— What is being asked —
Whichever lines include the word "zeta", copy them as they appear in the data.

====== Records to process ======

Lemma psi_sdiff g V W : TcE V -> TcE W -> psi g (sdiff V W) = sdiff (psi g V) (psi g W).
Proof.
  intros HV HW. apply pred_ext. intro xi. unfold sdiff. rewrite !psi_iff. split.
  - intros [Ht [Hm [eta [[HVe HWe] [Hme Hr]]]]]. split; [split; auto; split; auto; exists eta; auto |].
    intros [_ [_ [eta' [HWe' [Hme' Hr']]]]]. apply HWe.
    replace eta with eta'; [exact HWe' |].
    exact (hatphi_rel_injective_on g W V eta' eta xi HW HV HWe' HVe Hme' Hme Hr' Hr).
  - intros [[Ht [Hm [eta [HVe [Hme Hr]]]]] Hn]. split; [exact Ht |]. split; [exact Hm |].
    exists eta. split; [split; [exact HVe |] | auto].
    intro HWe. apply Hn. split; [exact Ht |]. split; [exact Hm |]. exists eta. auto.
Qed.

Lemma psi_sempty g : psi g (@sempty _) = @sempty _.
Proof.
  apply pred_ext. intro xi. rewrite psi_iff. split; [intros [_ [_ [eta [[] _]]]] | intros []].
Qed.

Lemma psi_gba_iso g : is_gba_iso (Ig (ginv G g)) (Ig g) (psi g).
Proof.
  split; [apply psi_Ig |].
  split.
  { intros W HW. exists (psi (ginv G g) W). split.
    - apply psi_Ig. rewrite ginv_involutive. exact HW.
    - apply Ig_TcE in HW as [HW Hs]. exact (psi_psi_ginv g W HW Hs). }
  split.
  { intros V V' HV HV' Heq. rewrite <- (psi_ginv_psi g V HV), <- (psi_ginv_psi g V' HV'). congruence. }
  split; [apply psi_sempty |].
  split; [intros V W _ _; apply psi_sunion |].
  split; intros V W HV HW; apply Ig_TcE in HV as [HV _]; apply Ig_TcE in HW as [HW _].
  - exact (psi_sinter g V W HV HW).
  - exact (psi_sdiff g V W HV HW).
Qed.

Lemma Ig_gone V : Ig (gone G) V <-> TcE V.
Proof. rewrite Ig_iff. split; [tauto | intro HV; split; [exact HV | exact (supported_gone V HV)]]. Qed.

Lemma psi_gone V : TcE V -> psi (gone G) V = V.
Proof.
  intro HV. apply pred_ext. intro xi. rewrite psi_iff, ginv_gone. split.
  - intros [Ht [Hm [eta [Heta [Hme Hr]]]]]. unfold hatphi_rel in Hr. rewrite ginv_gone in Hr.
    assert (Hfe : filtE eta) by exact (tight_filter (Tc_tight HV Heta)).
    rewrite (restrict_gone _ Hfe), (restrict_gone _ (tight_filter Ht)), (phig_filter_gone _ Hfe) in Hr.
    subst eta. exact Heta.
  - intro Hx. assert (Ht := Tc_tight HV Hx). assert (Hm := supported_gone V HV xi Hx).
    split; [exact Ht |]. split; [exact Hm |]. exists xi. split; [exact Hx |]. split; [exact Hm |].
    unfold hatphi_rel. rewrite ginv_gone, (restrict_gone _ (tight_filter Ht)).
    rewrite (phig_filter_gone _ (tight_filter Ht)). reflexivity.
Qed.

Lemma Ig_psi_compat s t W : (exists V, Ig (ginv G s) V /\ Ig t V /\ psi s V = W) <->
  Ig s W /\ Ig (s ** t) W.
Proof.
  split.
  - intros [V [HVs [HVt <-]]]. split; [exact (psi_Ig s V HVs) |].
    apply Ig_of_TcE; [exact (proj1 (Ig_TcE _ _ (psi_Ig s V HVs))) |].
    intros xi Hx. apply psi_iff in Hx as [_ [_ [eta [Heta [Hme Hr]]]]].
    apply Ig_TcE in HVt as [HV HsV].
    exact (hatphi_rel_meets_gmul s t eta xi (tight_filter (Tc_tight HV Heta)) Hme (HsV eta Heta) Hr).
  - intros [HWs HWst]. apply Ig_TcE in HWs as [HW Hs]. apply Ig_TcE in HWst as [_ Hst].
    exists (psi (ginv G s) W).
    assert (HV : Ig (ginv G s) (psi (ginv G s) W))
      by (apply psi_Ig; rewrite ginv_involutive; apply Ig_of_TcE; auto).
    split; [exact HV |]. split; [| exact (psi_psi_ginv s W HW Hs)].
    apply Ig_of_TcE; [exact (proj1 (Ig_TcE _ _ HV)) |].
    intros eta Heta. apply psi_iff in Heta as [_ [_ [zeta [Hz [Hzm Hr]]]]].
    rewrite <- (ginv_gmulK s t).
    exact (hatphi_rel_meets_gmul (ginv G s) (s ** t) zeta eta (tight_filter (Tc_tight HW Hz))
             Hzm (Hst zeta Hz) Hr).
Qed.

======

— Reply —
    intros eta Heta. apply psi_iff in Heta as [_ [_ [zeta [Hz [Hzm Hr]]]]].
    exact (hatphi_rel_meets_gmul (ginv G s) (s ** t) zeta eta (tight_filter (Tc_tight HW Hz))
             Hzm (Hst zeta Hz) Hr).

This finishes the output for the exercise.